__Task item__: In the material below, the lines from the one containing "Lemma Generic_rank_pair S" through the one containing "assert (Col2 : forall" are to be given again exactly, ends included, and no others.

The input Block Start

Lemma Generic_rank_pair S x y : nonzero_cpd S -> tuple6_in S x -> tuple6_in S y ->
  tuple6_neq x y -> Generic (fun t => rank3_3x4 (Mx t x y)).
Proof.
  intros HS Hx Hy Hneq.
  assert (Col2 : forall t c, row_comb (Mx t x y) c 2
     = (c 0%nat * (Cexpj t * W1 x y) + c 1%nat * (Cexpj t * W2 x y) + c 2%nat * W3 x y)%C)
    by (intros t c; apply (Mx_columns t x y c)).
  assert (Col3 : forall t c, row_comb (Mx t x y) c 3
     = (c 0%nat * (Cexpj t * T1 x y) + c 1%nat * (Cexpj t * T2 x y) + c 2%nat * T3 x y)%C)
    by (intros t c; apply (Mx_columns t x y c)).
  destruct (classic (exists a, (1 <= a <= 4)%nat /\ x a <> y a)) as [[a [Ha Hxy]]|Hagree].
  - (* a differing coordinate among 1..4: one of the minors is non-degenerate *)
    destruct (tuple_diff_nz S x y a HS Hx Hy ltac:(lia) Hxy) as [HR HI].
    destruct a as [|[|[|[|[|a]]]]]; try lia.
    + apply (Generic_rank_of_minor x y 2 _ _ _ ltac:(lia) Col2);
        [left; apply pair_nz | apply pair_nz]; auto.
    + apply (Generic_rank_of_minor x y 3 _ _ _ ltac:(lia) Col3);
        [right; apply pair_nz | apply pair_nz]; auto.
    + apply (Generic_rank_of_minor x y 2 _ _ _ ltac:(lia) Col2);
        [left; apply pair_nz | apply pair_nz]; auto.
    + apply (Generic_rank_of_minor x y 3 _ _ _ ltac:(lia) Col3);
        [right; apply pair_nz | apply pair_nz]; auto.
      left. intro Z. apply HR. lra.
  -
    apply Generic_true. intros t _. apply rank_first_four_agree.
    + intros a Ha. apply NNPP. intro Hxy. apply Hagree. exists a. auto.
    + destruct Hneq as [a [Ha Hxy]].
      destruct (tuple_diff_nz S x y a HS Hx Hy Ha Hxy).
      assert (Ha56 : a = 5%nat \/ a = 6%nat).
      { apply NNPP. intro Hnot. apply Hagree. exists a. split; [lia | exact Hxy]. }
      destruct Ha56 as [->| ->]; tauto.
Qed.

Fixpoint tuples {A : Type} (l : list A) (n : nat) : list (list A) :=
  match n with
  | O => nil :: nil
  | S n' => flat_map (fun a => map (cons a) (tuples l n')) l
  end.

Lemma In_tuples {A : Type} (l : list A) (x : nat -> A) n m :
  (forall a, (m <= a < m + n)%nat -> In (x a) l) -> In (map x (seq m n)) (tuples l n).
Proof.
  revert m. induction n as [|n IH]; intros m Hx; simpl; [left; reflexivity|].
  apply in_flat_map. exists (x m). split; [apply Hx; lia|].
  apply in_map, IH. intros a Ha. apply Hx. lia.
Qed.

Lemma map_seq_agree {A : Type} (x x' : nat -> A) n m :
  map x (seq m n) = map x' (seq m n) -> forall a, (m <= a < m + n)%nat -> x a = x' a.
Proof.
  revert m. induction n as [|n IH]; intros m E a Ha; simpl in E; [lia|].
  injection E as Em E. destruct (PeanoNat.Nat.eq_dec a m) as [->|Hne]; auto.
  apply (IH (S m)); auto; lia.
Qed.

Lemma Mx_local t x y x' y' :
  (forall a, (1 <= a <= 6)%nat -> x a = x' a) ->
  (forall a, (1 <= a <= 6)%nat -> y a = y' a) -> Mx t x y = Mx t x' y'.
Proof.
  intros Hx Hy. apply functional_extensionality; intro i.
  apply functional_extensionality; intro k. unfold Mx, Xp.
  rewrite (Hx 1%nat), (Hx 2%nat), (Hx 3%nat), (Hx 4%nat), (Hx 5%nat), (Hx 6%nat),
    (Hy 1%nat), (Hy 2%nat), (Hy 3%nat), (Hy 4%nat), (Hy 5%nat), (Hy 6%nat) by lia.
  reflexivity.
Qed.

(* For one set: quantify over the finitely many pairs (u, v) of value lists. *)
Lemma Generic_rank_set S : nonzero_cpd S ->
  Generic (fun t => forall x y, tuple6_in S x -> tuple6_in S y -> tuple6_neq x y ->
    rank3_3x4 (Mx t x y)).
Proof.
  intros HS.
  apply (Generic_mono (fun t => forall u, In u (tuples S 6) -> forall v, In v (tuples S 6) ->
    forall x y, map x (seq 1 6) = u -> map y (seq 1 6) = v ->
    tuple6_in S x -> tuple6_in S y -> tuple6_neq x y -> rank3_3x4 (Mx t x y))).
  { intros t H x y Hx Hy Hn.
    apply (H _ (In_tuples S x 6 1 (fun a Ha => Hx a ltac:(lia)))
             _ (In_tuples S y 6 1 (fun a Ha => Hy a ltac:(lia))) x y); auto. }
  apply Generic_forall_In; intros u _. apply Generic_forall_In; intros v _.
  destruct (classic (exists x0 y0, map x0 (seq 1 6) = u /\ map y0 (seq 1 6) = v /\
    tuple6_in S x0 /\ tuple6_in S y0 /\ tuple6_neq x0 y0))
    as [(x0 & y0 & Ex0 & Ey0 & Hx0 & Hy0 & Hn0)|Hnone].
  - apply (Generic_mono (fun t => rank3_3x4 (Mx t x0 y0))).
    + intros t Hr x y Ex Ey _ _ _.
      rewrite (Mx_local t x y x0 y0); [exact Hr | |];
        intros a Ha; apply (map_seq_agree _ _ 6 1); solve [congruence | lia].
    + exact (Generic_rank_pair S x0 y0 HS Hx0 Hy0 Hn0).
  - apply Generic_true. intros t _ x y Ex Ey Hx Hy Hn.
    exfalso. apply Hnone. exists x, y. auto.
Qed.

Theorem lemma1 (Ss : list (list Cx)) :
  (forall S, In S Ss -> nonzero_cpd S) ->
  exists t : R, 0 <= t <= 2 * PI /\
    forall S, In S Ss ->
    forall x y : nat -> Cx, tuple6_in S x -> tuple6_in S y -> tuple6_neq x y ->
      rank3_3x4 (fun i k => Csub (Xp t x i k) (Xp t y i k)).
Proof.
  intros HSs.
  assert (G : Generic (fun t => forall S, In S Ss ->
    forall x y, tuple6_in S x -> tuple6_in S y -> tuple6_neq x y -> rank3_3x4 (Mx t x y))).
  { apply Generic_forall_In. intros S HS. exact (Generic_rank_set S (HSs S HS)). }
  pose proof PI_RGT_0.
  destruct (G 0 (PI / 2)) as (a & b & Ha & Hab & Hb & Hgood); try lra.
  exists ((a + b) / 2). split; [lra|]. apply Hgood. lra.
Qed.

The input Block End
The input Block Start

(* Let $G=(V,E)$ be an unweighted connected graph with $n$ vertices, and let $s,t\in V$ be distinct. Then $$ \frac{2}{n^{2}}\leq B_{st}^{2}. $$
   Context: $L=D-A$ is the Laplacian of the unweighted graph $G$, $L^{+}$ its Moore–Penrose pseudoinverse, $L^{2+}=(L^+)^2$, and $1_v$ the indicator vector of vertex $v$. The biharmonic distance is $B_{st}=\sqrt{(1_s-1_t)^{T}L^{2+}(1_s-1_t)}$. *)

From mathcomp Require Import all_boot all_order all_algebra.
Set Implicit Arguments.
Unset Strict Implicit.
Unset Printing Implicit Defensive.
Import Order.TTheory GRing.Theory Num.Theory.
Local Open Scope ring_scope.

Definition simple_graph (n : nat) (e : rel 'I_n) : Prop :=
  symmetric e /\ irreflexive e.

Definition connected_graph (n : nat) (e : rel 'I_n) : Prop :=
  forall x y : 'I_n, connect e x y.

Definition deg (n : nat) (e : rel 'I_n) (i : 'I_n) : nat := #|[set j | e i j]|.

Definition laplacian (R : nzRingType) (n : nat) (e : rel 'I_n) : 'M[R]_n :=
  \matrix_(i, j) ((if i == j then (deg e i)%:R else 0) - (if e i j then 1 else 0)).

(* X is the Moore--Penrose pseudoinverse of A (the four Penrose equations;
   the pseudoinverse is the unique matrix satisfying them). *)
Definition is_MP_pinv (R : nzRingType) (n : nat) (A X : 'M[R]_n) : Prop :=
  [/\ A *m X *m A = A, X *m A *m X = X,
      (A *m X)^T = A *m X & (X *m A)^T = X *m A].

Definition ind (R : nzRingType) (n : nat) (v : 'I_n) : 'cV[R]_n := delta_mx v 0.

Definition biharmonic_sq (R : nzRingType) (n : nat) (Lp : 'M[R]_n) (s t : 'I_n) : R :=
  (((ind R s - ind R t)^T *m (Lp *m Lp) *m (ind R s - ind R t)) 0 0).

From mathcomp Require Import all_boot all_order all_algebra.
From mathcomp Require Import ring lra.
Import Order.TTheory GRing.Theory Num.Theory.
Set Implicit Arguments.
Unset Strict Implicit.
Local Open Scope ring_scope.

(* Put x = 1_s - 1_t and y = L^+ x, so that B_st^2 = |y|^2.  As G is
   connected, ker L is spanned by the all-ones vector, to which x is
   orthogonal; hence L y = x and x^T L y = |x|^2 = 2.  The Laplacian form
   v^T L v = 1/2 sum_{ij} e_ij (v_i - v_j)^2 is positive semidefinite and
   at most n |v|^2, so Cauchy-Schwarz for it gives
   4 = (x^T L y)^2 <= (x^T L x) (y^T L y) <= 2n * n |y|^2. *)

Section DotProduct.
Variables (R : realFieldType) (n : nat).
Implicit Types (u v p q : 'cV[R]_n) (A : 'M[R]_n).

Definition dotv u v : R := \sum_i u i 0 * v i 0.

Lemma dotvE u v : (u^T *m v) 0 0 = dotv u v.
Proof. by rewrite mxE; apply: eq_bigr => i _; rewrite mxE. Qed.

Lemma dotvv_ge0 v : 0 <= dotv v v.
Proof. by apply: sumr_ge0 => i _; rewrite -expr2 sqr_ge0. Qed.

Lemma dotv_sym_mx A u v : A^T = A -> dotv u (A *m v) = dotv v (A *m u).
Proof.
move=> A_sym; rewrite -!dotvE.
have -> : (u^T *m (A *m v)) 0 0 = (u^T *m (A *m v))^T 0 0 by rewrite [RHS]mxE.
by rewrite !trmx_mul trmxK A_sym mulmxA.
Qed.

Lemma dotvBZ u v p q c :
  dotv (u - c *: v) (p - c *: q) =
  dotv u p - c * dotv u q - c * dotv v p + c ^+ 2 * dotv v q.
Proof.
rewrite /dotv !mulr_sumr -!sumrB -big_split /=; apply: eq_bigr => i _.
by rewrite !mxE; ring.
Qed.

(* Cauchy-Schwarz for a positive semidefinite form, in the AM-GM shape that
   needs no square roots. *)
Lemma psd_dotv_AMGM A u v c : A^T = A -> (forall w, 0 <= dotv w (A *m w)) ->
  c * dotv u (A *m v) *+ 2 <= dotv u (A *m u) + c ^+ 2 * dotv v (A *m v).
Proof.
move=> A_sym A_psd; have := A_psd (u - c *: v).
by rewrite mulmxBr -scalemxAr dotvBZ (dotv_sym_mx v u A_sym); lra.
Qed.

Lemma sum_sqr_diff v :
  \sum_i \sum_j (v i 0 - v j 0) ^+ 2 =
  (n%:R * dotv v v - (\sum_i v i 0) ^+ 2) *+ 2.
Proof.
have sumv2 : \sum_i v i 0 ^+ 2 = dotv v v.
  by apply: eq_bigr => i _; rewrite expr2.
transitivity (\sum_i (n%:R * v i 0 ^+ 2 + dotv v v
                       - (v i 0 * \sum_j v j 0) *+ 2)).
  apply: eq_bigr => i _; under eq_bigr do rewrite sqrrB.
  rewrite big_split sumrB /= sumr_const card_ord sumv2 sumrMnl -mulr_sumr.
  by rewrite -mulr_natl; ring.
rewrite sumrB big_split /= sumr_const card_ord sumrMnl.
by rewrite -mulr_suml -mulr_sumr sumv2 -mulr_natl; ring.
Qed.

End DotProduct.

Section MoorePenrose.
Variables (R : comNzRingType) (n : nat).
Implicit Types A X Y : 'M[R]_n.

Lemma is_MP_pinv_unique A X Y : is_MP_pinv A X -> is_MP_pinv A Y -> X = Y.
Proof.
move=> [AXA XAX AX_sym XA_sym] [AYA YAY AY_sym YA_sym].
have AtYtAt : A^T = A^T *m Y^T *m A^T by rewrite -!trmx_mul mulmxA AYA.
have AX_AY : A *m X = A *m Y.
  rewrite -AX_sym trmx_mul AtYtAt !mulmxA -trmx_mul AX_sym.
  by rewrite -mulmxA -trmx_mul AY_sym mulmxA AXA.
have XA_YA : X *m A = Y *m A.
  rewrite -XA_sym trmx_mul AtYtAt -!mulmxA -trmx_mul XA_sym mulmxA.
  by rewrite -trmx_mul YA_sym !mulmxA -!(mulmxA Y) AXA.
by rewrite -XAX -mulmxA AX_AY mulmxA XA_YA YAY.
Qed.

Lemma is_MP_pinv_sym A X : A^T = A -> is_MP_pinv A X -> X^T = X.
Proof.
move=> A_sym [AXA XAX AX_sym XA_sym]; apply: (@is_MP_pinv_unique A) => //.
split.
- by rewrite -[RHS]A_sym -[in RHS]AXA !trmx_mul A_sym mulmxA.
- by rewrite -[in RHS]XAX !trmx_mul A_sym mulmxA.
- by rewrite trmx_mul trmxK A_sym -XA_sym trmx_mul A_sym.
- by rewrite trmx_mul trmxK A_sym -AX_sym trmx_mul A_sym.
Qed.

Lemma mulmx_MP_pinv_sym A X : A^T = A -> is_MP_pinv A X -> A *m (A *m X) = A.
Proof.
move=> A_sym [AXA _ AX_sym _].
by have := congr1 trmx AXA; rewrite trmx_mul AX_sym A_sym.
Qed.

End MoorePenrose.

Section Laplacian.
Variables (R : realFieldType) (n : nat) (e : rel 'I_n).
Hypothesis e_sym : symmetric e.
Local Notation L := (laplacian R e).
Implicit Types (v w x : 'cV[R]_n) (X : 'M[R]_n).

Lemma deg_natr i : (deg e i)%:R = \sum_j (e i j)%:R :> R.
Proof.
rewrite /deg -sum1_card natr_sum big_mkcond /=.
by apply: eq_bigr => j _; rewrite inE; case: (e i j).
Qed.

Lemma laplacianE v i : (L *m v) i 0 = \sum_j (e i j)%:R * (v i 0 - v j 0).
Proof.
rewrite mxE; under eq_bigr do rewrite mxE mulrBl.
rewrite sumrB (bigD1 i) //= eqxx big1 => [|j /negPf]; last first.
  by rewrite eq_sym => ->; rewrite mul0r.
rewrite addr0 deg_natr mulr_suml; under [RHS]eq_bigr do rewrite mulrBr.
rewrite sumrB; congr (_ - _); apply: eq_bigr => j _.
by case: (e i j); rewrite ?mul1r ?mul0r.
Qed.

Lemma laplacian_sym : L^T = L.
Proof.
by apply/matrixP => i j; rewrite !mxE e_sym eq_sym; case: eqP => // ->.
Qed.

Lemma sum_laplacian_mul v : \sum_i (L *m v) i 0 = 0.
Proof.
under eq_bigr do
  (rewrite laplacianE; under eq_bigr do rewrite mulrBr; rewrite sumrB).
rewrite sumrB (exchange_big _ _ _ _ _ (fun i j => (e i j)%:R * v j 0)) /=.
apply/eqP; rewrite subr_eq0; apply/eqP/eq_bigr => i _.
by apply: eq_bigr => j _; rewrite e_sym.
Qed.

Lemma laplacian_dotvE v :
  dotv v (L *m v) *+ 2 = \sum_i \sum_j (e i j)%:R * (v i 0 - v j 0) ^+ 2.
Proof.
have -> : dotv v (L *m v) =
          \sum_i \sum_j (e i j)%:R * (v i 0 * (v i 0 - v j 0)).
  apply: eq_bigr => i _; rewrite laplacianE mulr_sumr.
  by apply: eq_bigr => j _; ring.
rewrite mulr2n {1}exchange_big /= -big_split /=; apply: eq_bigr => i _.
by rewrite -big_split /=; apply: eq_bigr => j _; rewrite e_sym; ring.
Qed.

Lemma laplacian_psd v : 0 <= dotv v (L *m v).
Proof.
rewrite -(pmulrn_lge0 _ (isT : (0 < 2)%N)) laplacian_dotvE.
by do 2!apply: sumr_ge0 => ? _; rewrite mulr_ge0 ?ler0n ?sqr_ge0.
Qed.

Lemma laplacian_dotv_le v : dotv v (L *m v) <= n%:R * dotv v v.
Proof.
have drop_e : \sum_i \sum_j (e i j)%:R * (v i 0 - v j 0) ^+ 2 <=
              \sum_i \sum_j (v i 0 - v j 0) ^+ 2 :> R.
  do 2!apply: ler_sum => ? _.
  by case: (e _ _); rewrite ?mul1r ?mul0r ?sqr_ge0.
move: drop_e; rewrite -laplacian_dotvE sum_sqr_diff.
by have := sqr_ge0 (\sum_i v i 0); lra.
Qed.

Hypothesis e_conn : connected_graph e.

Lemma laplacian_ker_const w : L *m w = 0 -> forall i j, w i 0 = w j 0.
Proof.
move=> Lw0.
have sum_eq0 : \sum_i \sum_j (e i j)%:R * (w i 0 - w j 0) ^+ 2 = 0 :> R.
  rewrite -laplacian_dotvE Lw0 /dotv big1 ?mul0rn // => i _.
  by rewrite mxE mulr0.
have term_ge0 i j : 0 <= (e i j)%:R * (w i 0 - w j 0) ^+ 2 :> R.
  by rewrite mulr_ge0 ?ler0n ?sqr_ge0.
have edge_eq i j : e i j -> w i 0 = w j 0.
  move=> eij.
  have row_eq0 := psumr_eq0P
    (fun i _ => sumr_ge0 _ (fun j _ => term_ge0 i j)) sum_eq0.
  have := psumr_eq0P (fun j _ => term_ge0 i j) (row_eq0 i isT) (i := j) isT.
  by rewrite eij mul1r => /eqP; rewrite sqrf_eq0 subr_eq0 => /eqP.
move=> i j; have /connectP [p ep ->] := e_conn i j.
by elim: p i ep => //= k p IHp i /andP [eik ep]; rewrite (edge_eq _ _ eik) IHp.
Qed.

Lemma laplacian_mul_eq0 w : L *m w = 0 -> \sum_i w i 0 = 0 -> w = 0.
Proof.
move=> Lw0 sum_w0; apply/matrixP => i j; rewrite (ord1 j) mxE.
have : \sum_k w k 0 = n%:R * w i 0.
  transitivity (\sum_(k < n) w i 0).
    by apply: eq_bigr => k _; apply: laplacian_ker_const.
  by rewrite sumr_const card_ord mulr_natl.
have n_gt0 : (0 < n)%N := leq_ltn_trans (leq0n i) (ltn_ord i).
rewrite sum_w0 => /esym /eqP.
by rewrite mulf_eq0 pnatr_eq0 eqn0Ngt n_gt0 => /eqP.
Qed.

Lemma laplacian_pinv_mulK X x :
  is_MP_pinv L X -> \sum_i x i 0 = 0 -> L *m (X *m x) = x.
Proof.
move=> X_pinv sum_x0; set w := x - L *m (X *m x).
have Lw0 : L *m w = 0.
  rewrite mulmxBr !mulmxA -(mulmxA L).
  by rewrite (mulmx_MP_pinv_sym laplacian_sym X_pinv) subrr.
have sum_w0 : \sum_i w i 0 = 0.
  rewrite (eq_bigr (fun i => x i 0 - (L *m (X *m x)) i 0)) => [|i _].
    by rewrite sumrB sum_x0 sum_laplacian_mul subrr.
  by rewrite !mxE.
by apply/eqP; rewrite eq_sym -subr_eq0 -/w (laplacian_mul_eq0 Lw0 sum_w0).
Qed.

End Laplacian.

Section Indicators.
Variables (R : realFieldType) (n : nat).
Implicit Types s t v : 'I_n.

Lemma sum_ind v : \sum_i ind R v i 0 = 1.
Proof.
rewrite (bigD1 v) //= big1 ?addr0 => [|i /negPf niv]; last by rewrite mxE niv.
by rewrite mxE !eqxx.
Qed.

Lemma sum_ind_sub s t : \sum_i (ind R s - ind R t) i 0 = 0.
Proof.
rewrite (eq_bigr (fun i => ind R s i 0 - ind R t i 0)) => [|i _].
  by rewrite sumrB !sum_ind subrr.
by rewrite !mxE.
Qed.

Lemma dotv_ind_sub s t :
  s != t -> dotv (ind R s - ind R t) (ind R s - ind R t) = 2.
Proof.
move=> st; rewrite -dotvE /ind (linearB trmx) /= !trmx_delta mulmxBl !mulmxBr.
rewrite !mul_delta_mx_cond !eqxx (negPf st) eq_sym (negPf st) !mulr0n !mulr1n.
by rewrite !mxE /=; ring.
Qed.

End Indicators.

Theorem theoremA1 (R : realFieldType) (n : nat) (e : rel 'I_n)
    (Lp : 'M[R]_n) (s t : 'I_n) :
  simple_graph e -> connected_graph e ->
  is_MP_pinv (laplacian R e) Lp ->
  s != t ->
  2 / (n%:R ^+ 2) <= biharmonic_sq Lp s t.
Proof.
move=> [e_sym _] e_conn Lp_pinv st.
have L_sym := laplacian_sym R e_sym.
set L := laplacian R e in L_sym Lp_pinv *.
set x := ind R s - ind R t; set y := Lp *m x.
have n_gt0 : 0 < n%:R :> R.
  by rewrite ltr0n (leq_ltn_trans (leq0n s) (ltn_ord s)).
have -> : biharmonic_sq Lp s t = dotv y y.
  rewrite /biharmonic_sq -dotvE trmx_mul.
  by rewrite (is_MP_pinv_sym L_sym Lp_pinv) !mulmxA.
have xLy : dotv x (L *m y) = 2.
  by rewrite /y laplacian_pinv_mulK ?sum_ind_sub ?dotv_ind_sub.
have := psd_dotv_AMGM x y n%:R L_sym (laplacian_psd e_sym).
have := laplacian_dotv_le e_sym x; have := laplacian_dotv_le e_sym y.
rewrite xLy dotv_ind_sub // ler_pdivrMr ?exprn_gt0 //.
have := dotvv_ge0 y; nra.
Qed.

The input Block End
The input Block Start

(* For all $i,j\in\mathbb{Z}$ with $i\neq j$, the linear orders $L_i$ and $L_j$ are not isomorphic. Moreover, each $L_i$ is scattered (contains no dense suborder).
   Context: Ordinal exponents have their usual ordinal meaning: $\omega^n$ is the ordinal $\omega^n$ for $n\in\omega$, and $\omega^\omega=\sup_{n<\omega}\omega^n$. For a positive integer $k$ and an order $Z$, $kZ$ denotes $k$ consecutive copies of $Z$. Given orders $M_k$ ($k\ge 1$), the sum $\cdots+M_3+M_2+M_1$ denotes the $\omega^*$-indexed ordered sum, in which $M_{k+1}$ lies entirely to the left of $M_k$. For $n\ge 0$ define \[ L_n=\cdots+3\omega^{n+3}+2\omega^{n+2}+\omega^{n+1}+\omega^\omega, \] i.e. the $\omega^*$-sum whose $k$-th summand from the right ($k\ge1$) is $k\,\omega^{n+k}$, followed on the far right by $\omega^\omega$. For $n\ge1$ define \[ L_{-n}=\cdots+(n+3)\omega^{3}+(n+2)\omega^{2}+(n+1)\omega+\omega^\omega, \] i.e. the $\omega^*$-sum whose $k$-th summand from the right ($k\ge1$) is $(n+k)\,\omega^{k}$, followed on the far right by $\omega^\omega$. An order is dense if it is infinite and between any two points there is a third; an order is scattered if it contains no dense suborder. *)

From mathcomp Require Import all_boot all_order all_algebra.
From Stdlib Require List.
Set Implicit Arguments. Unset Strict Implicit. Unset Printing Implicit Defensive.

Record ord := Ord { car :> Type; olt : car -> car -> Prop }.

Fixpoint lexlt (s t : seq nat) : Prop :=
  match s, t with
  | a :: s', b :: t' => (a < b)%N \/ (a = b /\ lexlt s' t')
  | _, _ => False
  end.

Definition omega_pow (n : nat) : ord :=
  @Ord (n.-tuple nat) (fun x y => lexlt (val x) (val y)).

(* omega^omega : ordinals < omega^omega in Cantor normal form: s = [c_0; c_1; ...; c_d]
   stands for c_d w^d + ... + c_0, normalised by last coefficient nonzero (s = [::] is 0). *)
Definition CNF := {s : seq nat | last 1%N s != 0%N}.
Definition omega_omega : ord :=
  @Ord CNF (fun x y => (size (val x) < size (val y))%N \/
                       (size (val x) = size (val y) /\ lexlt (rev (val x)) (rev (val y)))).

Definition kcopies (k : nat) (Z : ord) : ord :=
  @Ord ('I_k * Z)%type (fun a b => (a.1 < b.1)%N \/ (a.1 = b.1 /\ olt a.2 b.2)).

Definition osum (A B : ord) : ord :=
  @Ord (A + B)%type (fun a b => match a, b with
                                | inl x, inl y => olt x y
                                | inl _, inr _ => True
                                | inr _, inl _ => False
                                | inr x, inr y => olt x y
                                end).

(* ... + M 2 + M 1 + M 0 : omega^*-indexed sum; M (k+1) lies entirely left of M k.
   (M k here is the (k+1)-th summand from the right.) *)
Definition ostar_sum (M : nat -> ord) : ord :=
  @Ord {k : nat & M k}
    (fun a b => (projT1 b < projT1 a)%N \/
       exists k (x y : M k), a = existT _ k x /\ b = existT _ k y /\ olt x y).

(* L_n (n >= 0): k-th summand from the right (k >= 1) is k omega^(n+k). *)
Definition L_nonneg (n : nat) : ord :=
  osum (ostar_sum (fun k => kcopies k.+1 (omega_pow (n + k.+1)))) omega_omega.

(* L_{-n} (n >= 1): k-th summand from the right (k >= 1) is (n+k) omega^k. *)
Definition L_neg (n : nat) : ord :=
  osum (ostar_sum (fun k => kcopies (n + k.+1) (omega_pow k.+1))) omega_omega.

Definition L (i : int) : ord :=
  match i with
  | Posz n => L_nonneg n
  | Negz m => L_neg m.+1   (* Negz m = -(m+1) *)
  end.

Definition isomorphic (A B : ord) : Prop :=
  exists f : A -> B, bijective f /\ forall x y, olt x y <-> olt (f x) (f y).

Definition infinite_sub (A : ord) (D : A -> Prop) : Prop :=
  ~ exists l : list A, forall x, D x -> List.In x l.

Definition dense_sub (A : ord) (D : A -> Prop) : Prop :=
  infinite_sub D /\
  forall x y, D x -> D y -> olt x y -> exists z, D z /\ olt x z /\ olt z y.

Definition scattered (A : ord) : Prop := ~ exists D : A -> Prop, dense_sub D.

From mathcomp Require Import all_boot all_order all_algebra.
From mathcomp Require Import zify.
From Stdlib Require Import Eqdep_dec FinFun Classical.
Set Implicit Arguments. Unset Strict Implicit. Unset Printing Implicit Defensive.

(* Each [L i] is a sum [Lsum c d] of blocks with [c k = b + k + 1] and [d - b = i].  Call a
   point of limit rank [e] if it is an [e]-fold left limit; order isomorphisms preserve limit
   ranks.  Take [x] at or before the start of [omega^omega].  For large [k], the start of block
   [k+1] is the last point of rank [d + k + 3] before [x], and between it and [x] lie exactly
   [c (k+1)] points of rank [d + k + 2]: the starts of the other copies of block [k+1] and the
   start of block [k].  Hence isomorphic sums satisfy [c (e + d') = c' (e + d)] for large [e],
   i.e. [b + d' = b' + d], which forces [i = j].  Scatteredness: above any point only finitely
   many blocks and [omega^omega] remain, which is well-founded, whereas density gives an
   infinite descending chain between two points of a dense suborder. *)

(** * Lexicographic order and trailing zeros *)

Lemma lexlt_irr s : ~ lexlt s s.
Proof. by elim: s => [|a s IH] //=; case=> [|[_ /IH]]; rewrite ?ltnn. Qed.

The input Block End

__Reply__:
Lemma Generic_rank_pair S x y : nonzero_cpd S -> tuple6_in S x -> tuple6_in S y ->
  tuple6_neq x y -> Generic (fun t => rank3_3x4 (Mx t x y)).
Proof.
  intros HS Hx Hy Hneq.
  assert (Col2 : forall t c, row_comb (Mx t x y) c 2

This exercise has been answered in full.